Teacher, Philosopher



When You Listen, I Hear Me Better

by Lissa Ann Forbes

Occasionally I choose to change names and minor details in my stories. I've taken a bit of literary license creating fictionalized truth. At times it is easier to find the essence of the story if I write it from a different perspective.

Knock, knock, knock.

She turns the knob on his apartment door and lets herself in.

“Hiya, Sam,” the voice from the other room calls. She noticed the jagged skyline etched by the Rocky Mountains as the sun set behind them through the sliding glass door.

She joins Bryan in his office, the computer screen bright. He sits—his cane propped again the desk.

Samantha opens her arms for their usual greeting. Bryan slowly grabs his cane and gets up so he can put his arms around her, then invites her to pull up a chair.

“Hey, I want to show you a couple things.” Sam always begins her visits this way. She’s always finding neat stories and video clips on the Internet—that’s her business after all—writing about the extraordinary ordinary people she meets. Her last story was about a West Point Cadet who celebrated his 90th birthday.

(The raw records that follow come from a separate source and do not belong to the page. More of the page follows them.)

(* The elements $x^{\mathbf a_1}-\lambda x^{\mathbf a_0},\dots,x^{\mathbf a_m}-\lambda x^{\mathbf a_0}$ form a regular sequence on $S'$.
   Context: Let $A=\{\mathbf a_1,\dots,\mathbf a_m\}\subseteq\mathbb Z^n$ be linearly independent over $\mathbb R$, $\mathbf a_0\in\mathbb Z^n$, and $\ell_0,\dots,\ell_m$ positive integers with gcd $1$, $\ell_0\mathbf a_0=\sum_{j=1}^m\ell_j\mathbf a_j$, $\ell_0=\sum_{j=1}^m\ell_j$. Let $V$ be the real span of $A$, $V_{\mathbb Z}=V\cap\mathbb Z^n$, $C(A)$ the real cone generated by $A$, $M=V_{\mathbb Z}\cap C(A)$, and $S'$ the $\mathbb C(\lambda)$-subalgebra of $\mathbb C(\lambda)[x_1^{\pm1},\dots,x_n^{\pm1}]$ spanned by $\{x^u:u\in M\}$, $\lambda$ an indeterminate. *)

From HB Require Import structures.
From mathcomp Require Import all_boot all_order all_algebra.
From mathcomp Require Import reals complex fraction.
From mathcomp.multinomials Require Import freeg.
Set Implicit Arguments. Unset Strict Implicit. Unset Printing Implicit Defensive.
Import GRing.Theory Num.Theory.
Local Open Scope ring_scope.

(* The base field C(lambda): fractions of polynomials over C = R[i],
   where R : realType is the field of real numbers. *)
Definition Clam (R : realType) : fieldType := {fraction {poly R[i]}}.

Definition lam (R : realType) : Clam R := @FracField.tofrac {poly R[i]} 'X.

(* Laurent polynomials  C(lambda)[x_1^{+-1},...,x_n^{+-1}]  = group algebra of
   Z^n: finitely supported formal combinations  sum_u c_u x^u, u in Z^n. *)
Definition laurent (R : realType) (n : nat) := {freeg 'rV[int]_n / Clam R}.

Definition xmon (R : realType) (n : nat) (u : 'rV[int]_n) : laurent R n := << u >>.

Definition lmul (R : realType) (n : nat) (f g : laurent R n) : laurent R n :=
  \sum_(u <- dom f) \sum_(v <- dom g) << coeff u f * coeff v g *g (u + v) >>.

Definition lone (R : realType) (n : nat) : laurent R n := xmon R (0 : 'rV[int]_n).

Definition rvR (R : realType) (n : nat) (u : 'rV[int]_n) : 'rV[R]_n :=
  map_mx (fun z : int => z%:~R) u.

(* M = V_Z \cap C(A): integer vectors that are nonnegative real combinations
   of a_1..a_m (such vectors automatically lie in V = span_R A). *)
Definition inM (R : realType) (n m : nat) (a : 'I_m -> 'rV[int]_n)
  (u : 'rV[int]_n) : Prop :=
  exists c : 'I_m -> R, (forall j, 0 <= c j) /\
    rvR R u = \sum_(j < m) c j *: rvR R (a j).

(* S' : the C(lambda)-span of {x^u : u in M}, i.e. Laurent polynomials all of
   whose exponents lie in M. *)
Definition inS' (R : realType) (n m : nat) (a : 'I_m -> 'rV[int]_n)
  (f : laurent R n) : Prop :=
  forall u, u \in dom f -> inM R a u.

Definition in_ideal (R : realType) (n : nat) (P : laurent R n -> Prop)
  (fs : seq (laurent R n)) (h : laurent R n) : Prop :=
  exists gs : seq (laurent R n), size gs = size fs /\
    (forall g, g \in gs -> P g) /\
    h = \sum_(i < size fs) lmul gs`_i fs`_i.

Definition regular_seq (R : realType) (n : nat) (P : laurent R n -> Prop)
  (fs : seq (laurent R n)) : Prop :=
  [/\ forall f, f \in fs -> P f,
      forall i, (i < size fs)%N -> forall g, P g ->
         in_ideal P (take i fs) (lmul g fs`_i) -> in_ideal P (take i fs) g
    & ~ in_ideal P fs (lone R n)].

From HB Require Import structures.
From mathcomp Require Import all_boot all_order all_algebra.
From mathcomp Require Import reals complex fraction.
From mathcomp.multinomials Require Import freeg.
From mathcomp Require Import zify lra.
From Stdlib Require Import ClassicalEpsilon.
Import Order.TTheory GRing.Theory Num.Theory.
Local Open Scope ring_scope.
Set Implicit Arguments. Unset Strict Implicit. Unset Printing Implicit Defensive.

(* In the coordinates y_1, ..., y_m of V with respect to the basis a_1, ..., a_m,
   M is the set of lattice points of V with y >= 0, and a_0 has coordinates
   p_j = l_j / l_0 > 0 summing to 1.  Modulo I_i = (f_j : j < i), where
   f_j = x^{a_j} - lambda x^{a_0}, the relations x^{v + a_j} = lambda x^{v + a_0}
   (j < i) rewrite each monomial x^u, u in M, into lambda^S x^{N(u)}, where the
   coordinates y_j, j < i, of N(u) lie in [0, 1); the number S of steps is the
   least fixed point of S |-> sum_{j < i} floor (y_j + S p_j), which exists
   because sum_{j < i} p_j < 1.  The resulting C(lambda)-linear map Phi_i
   vanishes on I_i, and x^u - Phi_i(x^u) lies in I_i.  If g f_i lies in I_i,
   write Phi_i(g) = sum_w c_w x^w; then
   0 = Phi_i(g f_i) = sum_w c_w (x^{w + a_i} - lambda Phi_i(x^{w + a_0})),
   and comparing the lowest powers of lambda in the c_w gives Phi_i(g) = 0,
   i.e. g lies in I_i.  Finally 1 is not in I_m, because every element of I_m
   has constant term 0: u + a_j and u + a_0 have a positive coordinate. *)

Section FreegLift.
Variables (K : ringType) (T : choiceType).
Implicit Types (D : {freeg T / K}) (x : T) (c : K).

Lemma freegUZ c x : << c *g x >> = c *: << x >> :> {freeg T / K}.
Proof. by apply/eqP/freeg_eqP => y; rewrite coeffZ !coeffU mul1r. Qed.

Definition supported (Q : T -> Prop) D := forall x, x \in dom D -> Q x.

Section Supported.
Variable Q : T -> Prop.

Lemma supported0 : supported Q 0.
Proof. by move=> x; rewrite dom0. Qed.

Lemma supportedU x : Q x -> supported Q << x >>.
Proof. by move=> Qx y; rewrite domU1 inE => /eqP ->. Qed.

Lemma supportedD D1 D2 : supported Q D1 -> supported Q D2 -> supported Q (D1 + D2).
Proof. by move=> Q1 Q2 x /domD_subset; rewrite mem_cat => /orP[/Q1|/Q2]. Qed.

Lemma supportedZ c D : supported Q D -> supported Q (c *: D).
Proof. by move=> QD x /domZ_subset /QD. Qed.

Lemma supportedB D1 D2 : supported Q D1 -> supported Q D2 -> supported Q (D1 - D2).
Proof. by move=> Q1 Q2; rewrite -scaleN1r; apply/supportedD/supportedZ. Qed.

End Supported.

Variable M : lmodType K.
Implicit Types (f h : T -> M).

HB.instance Definition _ f :=
  GRing.isZmodMorphism.Build {freeg T / K} M (fglift f) (lift_is_additive f).

Lemma fgliftE f D : fglift f D = \sum_(x <- dom D) coeff x D *: f x.
Proof.
by rewrite -{1}(freeg_sumE D) raddf_sum; apply: eq_bigr => x _; exact: liftU.
Qed.

Lemma fgliftB f : {morph fglift f : D1 D2 / D1 - D2}.
Proof. exact: raddfB. Qed.

Lemma fglift_sum f (I : Type) (r : seq I) (P : pred I) (F : I -> {freeg T / K}) :
  fglift f (\sum_(i <- r | P i) F i) = \sum_(i <- r | P i) fglift f (F i).
Proof. exact: raddf_sum. Qed.

Lemma fgliftZ f c D : fglift f (c *: D) = c *: fglift f D.
Proof.
rewrite [in RHS]fgliftE scaler_sumr.
have -> : c *: D = \sum_(x <- dom D) << c * coeff x D *g x >> by [].
by rewrite fglift_sum; apply: eq_bigr => x _; rewrite scalerA; exact: liftU.
Qed.

Lemma fgliftU f x : fglift f << x >> = f x.
Proof. by rewrite liftU scale1r. Qed.

Lemma eq_in_fglift f h D : {in dom D, f =1 h} -> fglift f D = fglift h D.
Proof. by move=> fh; rewrite !fgliftE; apply: eq_big_seq => x /fh ->. Qed.

Lemma fglift_funB f h D :
  fglift (fun x => f x - h x) D = fglift f D - fglift h D.
Proof. by rewrite !fgliftE -sumrB; apply: eq_bigr => x _; rewrite scalerBr. Qed.

End FreegLift.

Section FreegEndo.
Variables (K : ringType) (T : choiceType).
Implicit Types (D : {freeg T / K}) (F G : T -> {freeg T / K}).

Lemma fglift_id D : fglift (fun x => << x >>) D = D.
Proof.
by rewrite -[RHS]freeg_sumE fgliftE; apply: eq_bigr => x _; rewrite freegUZ.
Qed.

Lemma fglift_comp F G D : fglift F (fglift G D) = fglift (fun x => fglift F (G x)) D.
Proof.
rewrite [fglift G D]fgliftE fglift_sum [RHS]fgliftE.
by apply: eq_bigr => x _; rewrite fgliftZ.
Qed.

Lemma coeff_fglift G D y :
  coeff y (fglift G D) = \sum_(x <- dom D) coeff x D * coeff y (G x).
Proof. by rewrite fgliftE raddf_sum; apply: eq_bigr => x _; exact: coeffZ. Qed.

End FreegEndo.

Section FreegFraction.
Variables (D : idomainType) (T : choiceType).
Local Notation tf := (@FracField.tofrac D).
Implicit Types (g : {freeg T / {fraction D}}) (q : D).

Lemma fraction_clear_denom (x : {fraction D}) :
  exists2 d, d != 0 & exists q, x * tf d = tf q.
Proof.
elim/quotW: x => r; exists (\d_r); first exact: denom_ratioP.
exists (\n_r); unlock FracField.tofrac; rewrite -[LHS]FracField.pi_mul.
apply/eqmodP; rewrite /= FracField.equivfE /FracField.mulf /=.
by rewrite !numden_Ratio ?(oner_neq0, mulf_neq0, denom_ratioP) // !mulr1 mulrC.
Qed.

Lemma freeg_clear_denom g :
  exists2 d, d != 0 & forall w, exists q, tf d * coeff w g = tf q.
Proof.
suff [d dnz dg] : exists2 d, d != 0 &
    forall w, w \in dom g -> exists q, tf d * coeff w g = tf q.
  exists d => // w; have [/dg //|/coeff_outdom ->] := boolP (w \in dom g).
  by exists 0; rewrite mulr0 tofrac0.
elim: (dom g) => [|w s [d dnz dg]]; first by exists 1; rewrite ?oner_eq0.
have [e enz [q wq]] := fraction_clear_denom (coeff w g).
exists (d * e); first by rewrite mulf_neq0.
move=> v; rewrite inE => /predU1P[->|/dg[r vr]].
  by exists (d * q); rewrite !tofracM -mulrA [tf e * _]mulrC wq.
by exists (e * r); rewrite !tofracM mulrAC vr mulrC.
Qed.

Lemma tofrac_choice (c : T -> {fraction D}) :
  (forall w, exists q, c w = tf q) -> exists q : T -> D, forall w, c w = tf (q w).
Proof.
move=> c_poly; have c_poly' w : exists q, c w == tf q.
  by have [q ->] := c_poly w; exists q.
by exists (fun w => xchoose (c_poly' w)) => w; apply/eqP/(xchooseP (c_poly' w)).
Qed.

End FreegFraction.

Section FractionCoefficients.
Variables (F : idomainType) (T : choiceType).
Local Notation tf := (@FracField.tofrac {poly F}).
Local Notation LF := {freeg T / {fraction {poly F}}}.
Implicit Types (g : LF) (q : {poly F}).

Lemma min_nonzero_coef (s : seq T) (q : T -> {poly F}) : has (fun w => q w != 0) s ->
  exists2 k, exists2 w, w \in s & (q w)`_k != 0
    & forall w j, w \in s -> (j < k)%N -> (q w)`_j = 0.
Proof.
case/hasP => w0 w0s q0; have ex_k : exists k, has (fun w => (q w)`_k != 0) s.
  by exists (size (q w0)).-1; apply/hasP; exists w0; rewrite // -lead_coefE lead_coef_eq0.
case: (ex_minnP ex_k) => k /hasP[w ws qk] kmin; exists k; first by exists w.
move=> w' j w's jk; apply/eqP/negPn/negP => qj.
have /kmin : has (fun w => (q w)`_j != 0) s by apply/hasP; exists w'.
by rewrite leqNgt jk.
Qed.

Lemma coefM_lt (p r : {poly F}) k j :
  (forall i, (i < k)%N -> p`_i = 0) -> (j < k)%N -> (p * r)`_j = 0.
Proof.
move=> pk jk; rewrite coefM big1 // => t _; rewrite pk ?mul0r //.
by apply: leq_ltn_trans jk; rewrite -ltnS.
Qed.

Section PolyCoefficients.
Variables (s : T -> T) (H : T -> LF).
Hypotheses (s_inj : injective s) (H_poly : forall w t, exists q, coeff t (H w) = tf q).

“You love to show me your finds, don’t you?” Bryan, an always willing audience, teased.

“Yep. It’s what I do.”

And what Bryan does best is brainstorm ideas for finding new business, connections, and places to speak or capture a story.

As they surfed, they found a group of writers Samantha should join since she hadn’t been in Scottsdale but six months, the SWA—Scottsdale Writer’s Alliance—120 other writer/journalists. A great networking opportunity. They exchanged thoughts about the group and what they found about speaking ops, then Bryan picked up the phone.

“What are you doing?” Sam queried.

“I’m calling this gal to see if there are any speaking slots left for the fall conference.”
Bryan got going with his usual questions and 15 minutes later had learned that there were several opportunities left for round table discussions, had sold the conference coordinator on his talk “How to eat for free 52 weeks a year,” and learned about the monthly meetings, dues, and the benefits of being a member. Sam was ready to kick back and rest. Bryan’s ability to turn anything into a business opportunity wore on her sometimes although she always found it beneficial.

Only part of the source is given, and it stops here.